Exercise goal — Take each line of the data that contains the string "Lemma" and copy it.

Stored data —

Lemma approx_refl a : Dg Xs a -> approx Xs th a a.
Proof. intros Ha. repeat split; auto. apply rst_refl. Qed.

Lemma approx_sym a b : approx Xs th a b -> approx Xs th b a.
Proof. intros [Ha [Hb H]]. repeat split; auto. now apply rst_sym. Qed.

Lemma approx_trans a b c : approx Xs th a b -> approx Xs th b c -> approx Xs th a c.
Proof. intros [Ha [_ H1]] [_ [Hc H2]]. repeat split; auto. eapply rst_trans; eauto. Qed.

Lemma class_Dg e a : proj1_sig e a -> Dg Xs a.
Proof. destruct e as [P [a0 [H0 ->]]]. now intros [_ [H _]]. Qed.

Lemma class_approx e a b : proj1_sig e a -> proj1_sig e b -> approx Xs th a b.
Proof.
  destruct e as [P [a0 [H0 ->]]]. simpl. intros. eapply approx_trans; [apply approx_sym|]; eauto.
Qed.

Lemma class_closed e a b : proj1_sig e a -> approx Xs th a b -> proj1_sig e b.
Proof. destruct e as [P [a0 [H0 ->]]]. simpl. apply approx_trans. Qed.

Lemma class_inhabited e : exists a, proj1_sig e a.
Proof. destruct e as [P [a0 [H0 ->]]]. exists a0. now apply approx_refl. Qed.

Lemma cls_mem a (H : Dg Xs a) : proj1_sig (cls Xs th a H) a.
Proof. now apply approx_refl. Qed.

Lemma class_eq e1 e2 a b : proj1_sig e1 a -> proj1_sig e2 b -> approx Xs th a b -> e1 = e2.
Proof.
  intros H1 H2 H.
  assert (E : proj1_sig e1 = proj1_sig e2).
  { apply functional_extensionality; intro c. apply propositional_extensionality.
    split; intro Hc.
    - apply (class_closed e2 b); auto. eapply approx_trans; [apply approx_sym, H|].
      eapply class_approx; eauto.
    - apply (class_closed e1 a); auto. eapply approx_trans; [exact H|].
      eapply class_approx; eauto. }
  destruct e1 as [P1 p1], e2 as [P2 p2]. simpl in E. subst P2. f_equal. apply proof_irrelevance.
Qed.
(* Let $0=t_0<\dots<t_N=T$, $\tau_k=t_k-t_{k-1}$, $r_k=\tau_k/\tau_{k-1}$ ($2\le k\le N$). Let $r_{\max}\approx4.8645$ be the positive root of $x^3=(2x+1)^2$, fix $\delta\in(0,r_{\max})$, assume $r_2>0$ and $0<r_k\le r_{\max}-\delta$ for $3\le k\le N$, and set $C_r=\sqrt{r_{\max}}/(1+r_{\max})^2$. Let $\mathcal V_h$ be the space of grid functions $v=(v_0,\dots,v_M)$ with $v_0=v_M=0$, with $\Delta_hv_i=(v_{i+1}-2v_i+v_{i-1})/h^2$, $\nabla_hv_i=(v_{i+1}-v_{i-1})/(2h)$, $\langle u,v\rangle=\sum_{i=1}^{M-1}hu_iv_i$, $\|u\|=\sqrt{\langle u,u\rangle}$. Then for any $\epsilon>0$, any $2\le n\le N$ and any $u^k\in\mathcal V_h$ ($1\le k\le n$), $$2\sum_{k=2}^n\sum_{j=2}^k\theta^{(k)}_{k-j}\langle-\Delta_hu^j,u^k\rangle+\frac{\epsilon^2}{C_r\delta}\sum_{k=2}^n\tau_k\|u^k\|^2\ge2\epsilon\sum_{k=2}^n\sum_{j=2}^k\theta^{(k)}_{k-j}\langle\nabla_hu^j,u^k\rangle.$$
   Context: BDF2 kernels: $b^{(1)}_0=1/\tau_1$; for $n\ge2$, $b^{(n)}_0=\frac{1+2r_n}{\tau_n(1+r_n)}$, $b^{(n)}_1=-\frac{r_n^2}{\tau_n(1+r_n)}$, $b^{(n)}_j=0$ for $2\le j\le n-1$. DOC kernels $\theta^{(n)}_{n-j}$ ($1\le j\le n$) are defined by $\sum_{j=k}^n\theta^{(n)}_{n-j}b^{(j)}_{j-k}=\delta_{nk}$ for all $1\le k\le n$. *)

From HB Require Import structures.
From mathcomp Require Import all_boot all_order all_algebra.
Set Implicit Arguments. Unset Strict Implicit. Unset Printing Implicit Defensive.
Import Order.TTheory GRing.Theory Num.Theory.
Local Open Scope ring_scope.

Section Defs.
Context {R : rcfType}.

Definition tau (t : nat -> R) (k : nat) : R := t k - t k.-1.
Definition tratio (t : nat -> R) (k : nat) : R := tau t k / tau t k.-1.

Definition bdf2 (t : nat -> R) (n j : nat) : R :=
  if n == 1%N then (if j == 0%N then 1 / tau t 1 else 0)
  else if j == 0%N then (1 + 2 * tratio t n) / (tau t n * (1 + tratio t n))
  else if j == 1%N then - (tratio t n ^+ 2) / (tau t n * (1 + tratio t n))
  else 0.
...
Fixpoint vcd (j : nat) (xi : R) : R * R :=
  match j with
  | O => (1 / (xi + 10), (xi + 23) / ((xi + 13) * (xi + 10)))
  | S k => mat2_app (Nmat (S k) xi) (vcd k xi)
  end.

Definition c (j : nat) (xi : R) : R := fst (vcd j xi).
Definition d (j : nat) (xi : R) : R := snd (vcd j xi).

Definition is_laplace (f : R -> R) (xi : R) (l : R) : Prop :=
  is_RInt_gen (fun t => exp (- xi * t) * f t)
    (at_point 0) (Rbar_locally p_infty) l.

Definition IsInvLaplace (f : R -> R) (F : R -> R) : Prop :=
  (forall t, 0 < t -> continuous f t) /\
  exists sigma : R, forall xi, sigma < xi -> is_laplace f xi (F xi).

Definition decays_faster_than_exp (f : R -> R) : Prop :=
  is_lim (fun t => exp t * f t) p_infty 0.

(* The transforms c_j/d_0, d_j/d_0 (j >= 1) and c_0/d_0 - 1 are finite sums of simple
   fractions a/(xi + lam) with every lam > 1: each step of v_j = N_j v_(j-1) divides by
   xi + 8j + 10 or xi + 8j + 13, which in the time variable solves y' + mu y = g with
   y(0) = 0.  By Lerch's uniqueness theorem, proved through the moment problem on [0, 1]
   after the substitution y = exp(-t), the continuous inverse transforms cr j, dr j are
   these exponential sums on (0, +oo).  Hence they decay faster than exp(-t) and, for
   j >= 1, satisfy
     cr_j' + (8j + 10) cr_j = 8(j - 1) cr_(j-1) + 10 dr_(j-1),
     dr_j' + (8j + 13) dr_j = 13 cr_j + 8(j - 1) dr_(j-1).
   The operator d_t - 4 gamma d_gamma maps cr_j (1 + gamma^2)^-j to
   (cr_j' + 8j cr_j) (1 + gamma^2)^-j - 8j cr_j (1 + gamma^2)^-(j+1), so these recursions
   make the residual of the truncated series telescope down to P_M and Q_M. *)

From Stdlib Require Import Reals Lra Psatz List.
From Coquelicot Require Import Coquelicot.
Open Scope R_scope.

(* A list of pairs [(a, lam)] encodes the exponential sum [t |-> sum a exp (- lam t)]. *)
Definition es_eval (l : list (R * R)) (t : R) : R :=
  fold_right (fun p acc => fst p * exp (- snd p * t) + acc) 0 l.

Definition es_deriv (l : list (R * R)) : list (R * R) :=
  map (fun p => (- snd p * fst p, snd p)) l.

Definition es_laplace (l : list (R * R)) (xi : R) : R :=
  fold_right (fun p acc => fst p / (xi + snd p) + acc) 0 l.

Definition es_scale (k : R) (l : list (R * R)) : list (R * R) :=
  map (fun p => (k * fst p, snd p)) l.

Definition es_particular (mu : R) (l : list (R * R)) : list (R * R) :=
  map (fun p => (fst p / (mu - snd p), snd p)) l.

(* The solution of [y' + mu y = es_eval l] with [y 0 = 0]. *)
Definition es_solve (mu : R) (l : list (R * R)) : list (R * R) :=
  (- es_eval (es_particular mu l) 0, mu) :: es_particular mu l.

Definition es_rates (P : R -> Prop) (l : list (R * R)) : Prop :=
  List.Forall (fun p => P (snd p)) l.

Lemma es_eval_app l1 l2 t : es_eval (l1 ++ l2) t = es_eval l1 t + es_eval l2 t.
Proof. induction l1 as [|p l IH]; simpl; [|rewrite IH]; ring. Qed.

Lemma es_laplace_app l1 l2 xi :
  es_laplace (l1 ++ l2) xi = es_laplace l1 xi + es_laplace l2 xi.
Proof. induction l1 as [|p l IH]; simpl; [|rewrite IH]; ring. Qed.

Exercise result —
Lemma approx_refl a : Dg Xs a -> approx Xs th a a.
Lemma approx_sym a b : approx Xs th a b -> approx Xs th b a.
Lemma approx_trans a b c : approx Xs th a b -> approx Xs th b c -> approx Xs th a c.
Lemma class_Dg e a : proj1_sig e a -> Dg Xs a.
Lemma class_approx e a b : proj1_sig e a -> proj1_sig e b -> approx Xs th a b.
Lemma class_closed e a b : proj1_sig e a -> approx Xs th a b -> proj1_sig e b.
Lemma class_inhabited e : exists a, proj1_sig e a.
Lemma cls_mem a (H : Dg Xs a) : proj1_sig (cls Xs th a H) a.
Lemma class_eq e1 e2 a b : proj1_sig e1 a -> proj1_sig e2 b -> approx Xs th a b -> e1 = e2.
Lemma es_eval_app l1 l2 t : es_eval (l1 ++ l2) t = es_eval l1 t + es_eval l2 t.
Lemma es_laplace_app l1 l2 xi :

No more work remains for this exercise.